Description of the task => In the listing below, identify each line with the word "Lemma" and return those lines.

Input records: Begin

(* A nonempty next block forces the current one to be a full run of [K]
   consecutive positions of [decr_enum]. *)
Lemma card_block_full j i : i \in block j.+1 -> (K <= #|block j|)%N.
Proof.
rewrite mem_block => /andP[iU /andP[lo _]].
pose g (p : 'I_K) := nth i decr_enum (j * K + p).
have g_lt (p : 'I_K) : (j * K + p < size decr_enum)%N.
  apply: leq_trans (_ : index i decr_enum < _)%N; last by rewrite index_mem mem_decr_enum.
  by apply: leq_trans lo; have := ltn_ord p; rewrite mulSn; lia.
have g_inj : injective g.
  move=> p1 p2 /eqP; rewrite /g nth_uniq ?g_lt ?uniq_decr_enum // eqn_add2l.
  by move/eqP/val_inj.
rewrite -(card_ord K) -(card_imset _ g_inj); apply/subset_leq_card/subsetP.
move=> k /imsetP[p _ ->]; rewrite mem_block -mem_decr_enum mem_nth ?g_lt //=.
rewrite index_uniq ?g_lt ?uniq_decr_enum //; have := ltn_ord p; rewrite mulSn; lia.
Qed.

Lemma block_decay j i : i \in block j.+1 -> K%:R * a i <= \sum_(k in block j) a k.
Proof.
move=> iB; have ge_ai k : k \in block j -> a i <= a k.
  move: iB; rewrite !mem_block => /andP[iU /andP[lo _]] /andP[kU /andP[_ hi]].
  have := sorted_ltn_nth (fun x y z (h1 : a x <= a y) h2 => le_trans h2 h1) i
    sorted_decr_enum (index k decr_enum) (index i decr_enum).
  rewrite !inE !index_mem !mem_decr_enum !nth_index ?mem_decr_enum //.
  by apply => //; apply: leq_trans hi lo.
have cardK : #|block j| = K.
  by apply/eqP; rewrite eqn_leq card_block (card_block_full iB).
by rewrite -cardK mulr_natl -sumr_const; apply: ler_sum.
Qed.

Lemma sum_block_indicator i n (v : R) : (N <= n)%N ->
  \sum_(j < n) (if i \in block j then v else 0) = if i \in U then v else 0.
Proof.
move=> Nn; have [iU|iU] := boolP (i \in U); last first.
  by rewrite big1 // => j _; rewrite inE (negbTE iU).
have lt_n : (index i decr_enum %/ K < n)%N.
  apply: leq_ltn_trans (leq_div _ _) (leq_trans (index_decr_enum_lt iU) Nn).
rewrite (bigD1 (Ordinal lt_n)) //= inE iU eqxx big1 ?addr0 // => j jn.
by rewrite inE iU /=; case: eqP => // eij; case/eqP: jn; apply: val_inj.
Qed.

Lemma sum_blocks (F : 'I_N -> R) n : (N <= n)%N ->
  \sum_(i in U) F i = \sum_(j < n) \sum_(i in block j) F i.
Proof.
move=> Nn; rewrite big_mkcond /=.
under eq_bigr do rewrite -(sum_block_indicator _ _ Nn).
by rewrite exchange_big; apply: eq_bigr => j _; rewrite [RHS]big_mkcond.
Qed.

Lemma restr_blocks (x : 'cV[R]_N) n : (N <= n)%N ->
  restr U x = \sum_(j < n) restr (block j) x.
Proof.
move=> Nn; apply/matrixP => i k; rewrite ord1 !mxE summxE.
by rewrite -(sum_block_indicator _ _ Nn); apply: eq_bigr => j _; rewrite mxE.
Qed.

Input records: End
Input records: Begin

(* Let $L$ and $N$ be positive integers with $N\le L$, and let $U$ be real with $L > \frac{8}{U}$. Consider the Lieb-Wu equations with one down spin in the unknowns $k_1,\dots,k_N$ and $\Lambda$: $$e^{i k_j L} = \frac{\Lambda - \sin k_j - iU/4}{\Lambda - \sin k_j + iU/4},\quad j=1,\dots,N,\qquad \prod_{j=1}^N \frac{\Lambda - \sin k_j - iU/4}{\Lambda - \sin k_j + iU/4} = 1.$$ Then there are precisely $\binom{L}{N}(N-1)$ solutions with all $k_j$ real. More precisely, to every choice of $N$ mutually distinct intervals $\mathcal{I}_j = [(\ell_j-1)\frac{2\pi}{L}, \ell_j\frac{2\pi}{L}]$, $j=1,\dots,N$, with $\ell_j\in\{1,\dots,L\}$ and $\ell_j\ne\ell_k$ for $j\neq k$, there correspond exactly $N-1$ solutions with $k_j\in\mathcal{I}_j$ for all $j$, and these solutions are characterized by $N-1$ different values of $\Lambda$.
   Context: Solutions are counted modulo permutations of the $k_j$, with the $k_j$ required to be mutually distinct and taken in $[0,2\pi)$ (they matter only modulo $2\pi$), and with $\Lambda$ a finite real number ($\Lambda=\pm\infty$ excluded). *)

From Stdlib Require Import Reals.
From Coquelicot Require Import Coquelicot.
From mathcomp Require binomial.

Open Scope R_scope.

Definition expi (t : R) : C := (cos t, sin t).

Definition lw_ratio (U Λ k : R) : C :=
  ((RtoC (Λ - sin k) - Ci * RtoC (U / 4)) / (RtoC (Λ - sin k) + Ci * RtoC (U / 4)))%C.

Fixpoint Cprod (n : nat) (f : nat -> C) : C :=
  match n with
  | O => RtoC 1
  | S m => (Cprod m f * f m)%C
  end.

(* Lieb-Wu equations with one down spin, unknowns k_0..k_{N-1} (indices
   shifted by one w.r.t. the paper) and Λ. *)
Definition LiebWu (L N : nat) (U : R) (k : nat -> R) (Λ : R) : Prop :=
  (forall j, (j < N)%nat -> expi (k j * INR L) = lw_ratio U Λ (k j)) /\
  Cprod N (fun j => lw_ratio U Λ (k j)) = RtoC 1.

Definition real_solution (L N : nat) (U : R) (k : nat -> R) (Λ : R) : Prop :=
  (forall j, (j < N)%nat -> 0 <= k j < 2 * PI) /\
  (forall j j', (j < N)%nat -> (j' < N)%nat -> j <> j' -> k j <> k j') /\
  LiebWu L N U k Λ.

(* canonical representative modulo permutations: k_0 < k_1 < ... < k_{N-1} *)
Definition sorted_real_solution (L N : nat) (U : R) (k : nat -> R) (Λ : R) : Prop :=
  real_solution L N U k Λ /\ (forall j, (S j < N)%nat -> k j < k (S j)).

Input records: End

Result =>
Lemma card_block_full j i : i \in block j.+1 -> (K <= #|block j|)%N.
Lemma block_decay j i : i \in block j.+1 -> K%:R * a i <= \sum_(k in block j) a k.
Lemma sum_block_indicator i n (v : R) : (N <= n)%N ->
Lemma sum_blocks (F : 'I_N -> R) n : (N <= n)%N ->
Lemma restr_blocks (x : 'cV[R]_N) n : (N <= n)%N ->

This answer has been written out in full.